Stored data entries
##########

(* Consider a D2D caching network with $K$ users each of cache size $M$ files, of which $S$ are selfish, a library of $N$ files, and $\frac{M(K-S)}{N}>1$, using the random caching scheme described in the context. Then every request vector $(\mathsf{r}_1,\dots,\mathsf{r}_K)$ is recoverable by the users if all library files are encoded with an MDS code of rate $r$, where $r\in(0,1)$ is a real positive root of the polynomial $$\sum_{i=0}^{K-S-1}\binom{K-S}{i}\Big(-\frac{M}{N}\Big)^{K-S-i}r^{K-S-1-i}+1 .$$
   Context: Selfish users cache content like all other users but never transmit; all users receive all transmissions. Random caching scheme: each of the $N$ library files of $B$ bits is divided into $I$ subfiles of $B/I$ bits, each regarded as a symbol of $\mathbb{F}_{2^{B/I}}$, and each file is encoded with an $(I, I/r)$ MDS code over $\mathbb{F}_{2^{B/I}}$ (codeword length $I/r$; any $I$ encoded symbols recover the file). Each user independently, for each file, selects uniformly at random $MI/N$ of the $I/r$ encoded-symbol indices and caches those symbols, so a given encoded symbol is cached by a given user with probability $Mr/N$. At the end of the delivery phase each user knows every encoded symbol of its requested file that is cached by itself or by at least one non-selfish user; the number of encoded symbols of a file cached exclusively by a given set $\mathcal{P}$ of users is taken to be its typical value $(\frac{Mr}{N})^{|\mathcal{P}|}(1-\frac{Mr}{N})^{K-|\mathcal{P}|}\frac{I}{r}$ (law of large numbers, large $I$). A file is recoverable by a user if the user knows at least $I$ of its encoded symbols. *)

From HB Require Import structures.
From mathcomp Require Import all_boot all_order all_algebra.
Set Implicit Arguments. Unset Strict Implicit. Unset Printing Implicit Defensive.
Import Order.TTheory GRing.Theory Num.Theory.
Local Open Scope ring_scope.

(* Users are 'I_K, files are 'I_N, Sset is the set of selfish users.
   Each file is split into I subfiles and encoded into I/r symbols; a given
   symbol is cached by a given user with probability p = M r / N. *)

(* Typical number of encoded symbols of a file cached exclusively by a given
   set of users of cardinality n:  p^n (1-p)^(K-n) * I/r. *)
Definition typical_count (R : realFieldType) (K I : nat) (p r : R) (n : nat) : R :=
  p ^+ n * (1 - p) ^+ (K - n) * (I%:R / r).

(* Number of encoded symbols of file f known by user k at the end of the
   delivery phase: those cached by k itself or by at least one non-selfish
   user, i.e. the sum over all user sets P containing k or containing a
   non-selfish user of the typical exclusive count. *)
Definition known_symbols (R : realFieldType) (K N I : nat) (Sset : {set 'I_K})
    (M r : R) (k : 'I_K) (f : 'I_N) : R :=
  \sum_(P : {set 'I_K} | (k \in P) || [exists j in P, j \notin Sset])
     @typical_count R K I (M * r / N%:R) r #|P|.

Definition recoverable (R : realFieldType) (K N I : nat) (Sset : {set 'I_K})
    (M r : R) (f : 'I_N) (k : 'I_K) : Prop :=
  I%:R <= @known_symbols R K N I Sset M r k f.

Definition request_recoverable (R : realFieldType) (K N I : nat)
    (Sset : {set 'I_K}) (M r : R) (req : 'I_K -> 'I_N) : Prop :=
  forall k : 'I_K, @recoverable R K N I Sset M r (req k) k.

Definition rate_poly (R : realFieldType) (K S N : nat) (M r : R) : R :=
  \sum_(i < K - S) ('C(K - S, i))%:R * (- (M / N%:R)) ^+ (K - S - i)
       * r ^+ (K - S - 1 - i) + 1.

(* With p = M r / N, the exclusive-caching weights p^|P| (1-p)^(K-|P|) sum
   like a binomial distribution over user sets.  User k misses exactly the
   symbols cached by no user outside Sset :\ k, a fraction
   (1-p)^(K - |Sset :\ k|) of the I/r symbols.  Multiplying the polynomial by r
   turns its roots into the solutions of (1-p)^(K-S) = 1 - r; since
   |Sset :\ k| <= S and |1-p| <= 1, the missed fraction is at most 1 - r, so k
   knows at least r * I/r = I symbols. *)

From HB Require Import structures.
From mathcomp Require Import all_boot all_order all_algebra.
From mathcomp Require Import zify lra.
Import Order.TTheory GRing.Theory Num.Theory.
Local Open Scope ring_scope.

Section SubsetWeights.
Context {R : comPzRingType} {T : finType}.

Lemma prod_if_in_set (p q : R) (J : {set T}) :
  \prod_i (if i \in J then p else q) = p ^+ #|J| * q ^+ (#|T| - #|J|).
Proof.
rewrite -(cardsC J) addKn (bigID [in J]) /=.
rewrite (eq_bigr (fun=> p)) => [|i ->] //.
rewrite [X in _ * X](eq_bigr (fun=> q)) => [|i /negbTE ->] //.
by rewrite !prodr_const; congr (_ * _ ^+ _); apply: eq_card => i; rewrite inE.
Qed.

(* Expand \prod_i ((i \in A ? p : 0) + q): the subsets not inside A vanish. *)
Lemma sum_subset_weights (p q : R) (A : {set T}) :
  \sum_(P : {set T} | P \subset A) p ^+ #|P| * q ^+ (#|T| - #|P|)
  = (p + q) ^+ #|A| * q ^+ (#|T| - #|A|).
Proof.
pose F i := if i \in A then p else 0.
have := bigA_distr 1 +%R F (fun=> q).
have -> : \prod_i (F i + q) = \prod_i (if i \in A then p + q else q).
  by apply: eq_bigr => i _; rewrite /F; case: (i \in A); rewrite ?add0r.
rewrite prod_if_in_set => ->.
rewrite [RHS](bigID (fun P : {set T} => P \subset A)) /= [X in _ + X]big1 ?addr0.
  apply: eq_bigr => P sPA; rewrite -prod_if_in_set; apply: eq_bigr => i _.
  by rewrite /F; case: ifP => // iP; rewrite (subsetP sPA).
move=> P /subsetPn[i iP iA].
by rewrite (bigD1 i) //= iP /F (negbTE iA) mul0r.
Qed.

Lemma sum_not_subset_weights (p q : R) (A : {set T}) : p + q = 1 ->
  \sum_(P : {set T} | ~~ (P \subset A)) p ^+ #|P| * q ^+ (#|T| - #|P|)
  = 1 - q ^+ (#|T| - #|A|).
Proof.
move=> pq1.
have total : \sum_(P : {set T}) p ^+ #|P| * q ^+ (#|T| - #|P|) = 1.
  have := sum_subset_weights p q setT.
  rewrite pq1 cardsT subnn expr1n expr0 mulr1 => <-.
  by apply: eq_bigl => P; rewrite subsetT.
rewrite -total [in RHS](bigID (fun P : {set T} => P \subset A)) /=.
by rewrite sum_subset_weights pq1 expr1n mul1r addrAC subrr add0r.
Qed.

End SubsetWeights.

Lemma mem_or_exists_notinE (T : finType) (S P : {set T}) (k : T) :
  (k \in P) || [exists j in P, j \notin S] = ~~ (P \subset S :\ k).
Proof.
apply/idP/subsetPn => [/orP[kP | /exists_inP[j jP jS]] | [j jP]].
- by exists k; rewrite // !inE eqxx.
- by exists j; rewrite // !inE (negbTE jS) andbF.
rewrite !inE negb_and negbK => /orP[/eqP <- | jS]; first by rewrite jP.
by apply/orP; right; apply/exists_inP; exists j.
Qed.

Lemma known_symbolsE (R : realFieldType) (K N I : nat) (Sset : {set 'I_K})
    (M r : R) (k : 'I_K) (f : 'I_N) :
  known_symbols I Sset M r k f
  = (1 - (1 - M * r / N%:R) ^+ (K - #|Sset :\ k|)) * (I%:R / r).
Proof.
rewrite /known_symbols /typical_count -big_distrl /=.
under eq_bigl do rewrite mem_or_exists_notinE.
have := sum_not_subset_weights (M * r / N%:R) (1 - M * r / N%:R) (Sset :\ k).
by rewrite card_ord addrC subrK => ->.
Qed.

Lemma mulr_rate_poly (R : realFieldType) (K S N : nat) (M r : R) :
  r * rate_poly K S N M r = (1 - M * r / N%:R) ^+ (K - S) - (1 - r).
Proof.
rewrite /rate_poly; set n := (K - S)%N.
rewrite [1 - _]addrC exprDn big_ord_recr /= subnn expr0 expr1n mul1r binn.
rewrite mulrDr mulr1 big_distrr /= opprB addrA addrAC addrK; congr (_ + _).
apply: eq_bigr => i _; rewrite expr1n mulr1 mulrCA -exprS.
have -> : (n - 1 - i).+1 = (n - i)%N by have := ltn_ord i; lia.
by rewrite mulr_natl mulrnAl -exprMn mulNr mulrAC.
Qed.

Lemma ler_exprn_le1 (R : realDomainType) (x : R) (m n : nat) :
  (0 < n)%N -> (n <= m)%N -> 0 <= x ^+ n <= 1 -> x ^+ m <= x ^+ n.
Proof.
move=> n_gt0 le_nm /andP[xn_ge0 xn_le1].
have xnE : x ^+ n = `|x| ^+ n by rewrite -normrX ger0_norm.
have x_le1 : `|x| <= 1 by rewrite -(expr_le1 n_gt0) // -xnE.
rewrite xnE; apply: le_trans (ler_norm _) _.
by rewrite normrX ler_wiXn2l.
Qed.

Theorem theorem3 (R : realFieldType) (K S N I : nat) (M r : R)
    (Sset : {set 'I_K}) :
  #|Sset| = S ->
  (0 < N)%N ->
  (0 < I)%N ->
  1 < M * (K - S)%:R / N%:R ->
  0 < r < 1 ->
  @rate_poly R K S N M r = 0 ->
  forall req : 'I_K -> 'I_N, @request_recoverable R K N I Sset M r req.
Proof.
move=> cardS _ _ hM /andP[r_gt0 r_lt1] root req k.
rewrite /recoverable known_symbolsE.
set q := 1 - M * r / N%:R.
have n_gt0 : (0 < K - S)%N.
  by rewrite lt0n; apply: contraTneq hM => ->; rewrite mulr0 mul0r ltr10.
have qn : q ^+ (K - S) = 1 - r.
  by apply/eqP; rewrite -subr_eq0 -mulr_rate_poly root mulr0.
have le_n : (K - S <= K - #|Sset :\ k|)%N.
  by rewrite -cardS leq_sub2l // subset_leq_card // subD1set.
have qm : q ^+ (K - #|Sset :\ k|) <= 1 - r.
  by rewrite -qn ler_exprn_le1 // qn subr_ge0 lerBlDr lerDl !ltW.
rewrite -{1}(divfK (lt0r_neq0 r_gt0) I%:R) mulrC.
rewrite ler_wpM2r ?divr_ge0 ?ler0n ?(ltW r_gt0) //; lra.
Qed.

##########

#### Directions
Could you write out, exactly as they stand, only the lines above that begin at the line with "- by exists j;" and stop after the line with "have qm : q ^+ (K - #|Sset :\ k|) <= 1 - r."?

#### Output for this exercise
- by exists j; rewrite // !inE (negbTE jS) andbF.
rewrite !inE negb_and negbK => /orP[/eqP <- | jS]; first by rewrite jP.
by apply/orP; right; apply/exists_inP; exists j.
Qed.

Lemma known_symbolsE (R : realFieldType) (K N I : nat) (Sset : {set 'I_K})
    (M r : R) (k : 'I_K) (f : 'I_N) :
  known_symbols I Sset M r k f
  = (1 - (1 - M * r / N%:R) ^+ (K - #|Sset :\ k|)) * (I%:R / r).
Proof.
rewrite /known_symbols /typical_count -big_distrl /=.
under eq_bigl do rewrite mem_or_exists_notinE.
have := sum_not_subset_weights (M * r / N%:R) (1 - M * r / N%:R) (Sset :\ k).
by rewrite card_ord addrC subrK => ->.
Qed.

Lemma mulr_rate_poly (R : realFieldType) (K S N : nat) (M r : R) :
  r * rate_poly K S N M r = (1 - M * r / N%:R) ^+ (K - S) - (1 - r).
Proof.
rewrite /rate_poly; set n := (K - S)%N.
rewrite [1 - _]addrC exprDn big_ord_recr /= subnn expr0 expr1n mul1r binn.
rewrite mulrDr mulr1 big_distrr /= opprB addrA addrAC addrK; congr (_ + _).
apply: eq_bigr => i _; rewrite expr1n mulr1 mulrCA -exprS.
have -> : (n - 1 - i).+1 = (n - i)%N by have := ltn_ord i; lia.
by rewrite mulr_natl mulrnAl -exprMn mulNr mulrAC.
Qed.

Lemma ler_exprn_le1 (R : realDomainType) (x : R) (m n : nat) :
  (0 < n)%N -> (n <= m)%N -> 0 <= x ^+ n <= 1 -> x ^+ m <= x ^+ n.
Proof.
move=> n_gt0 le_nm /andP[xn_ge0 xn_le1].
have xnE : x ^+ n = `|x| ^+ n by rewrite -normrX ger0_norm.
have x_le1 : `|x| <= 1 by rewrite -(expr_le1 n_gt0) // -xnE.
rewrite xnE; apply: le_trans (ler_norm _) _.
by rewrite normrX ler_wiXn2l.
Qed.

Theorem theorem3 (R : realFieldType) (K S N I : nat) (M r : R)
    (Sset : {set 'I_K}) :
  #|Sset| = S ->
  (0 < N)%N ->
  (0 < I)%N ->
  1 < M * (K - S)%:R / N%:R ->
  0 < r < 1 ->
  @rate_poly R K S N M r = 0 ->
  forall req : 'I_K -> 'I_N, @request_recoverable R K N I Sset M r req.
Proof.
move=> cardS _ _ hM /andP[r_gt0 r_lt1] root req k.
rewrite /recoverable known_symbolsE.
set q := 1 - M * r / N%:R.
have n_gt0 : (0 < K - S)%N.
  by rewrite lt0n; apply: contraTneq hM => ->; rewrite mulr0 mul0r ltr10.
have qn : q ^+ (K - S) = 1 - r.
  by apply/eqP; rewrite -subr_eq0 -mulr_rate_poly root mulr0.
have le_n : (K - S <= K - #|Sset :\ k|)%N.
  by rewrite -cardS leq_sub2l // subset_leq_card // subD1set.
have qm : q ^+ (K - #|Sset :\ k|) <= 1 - r.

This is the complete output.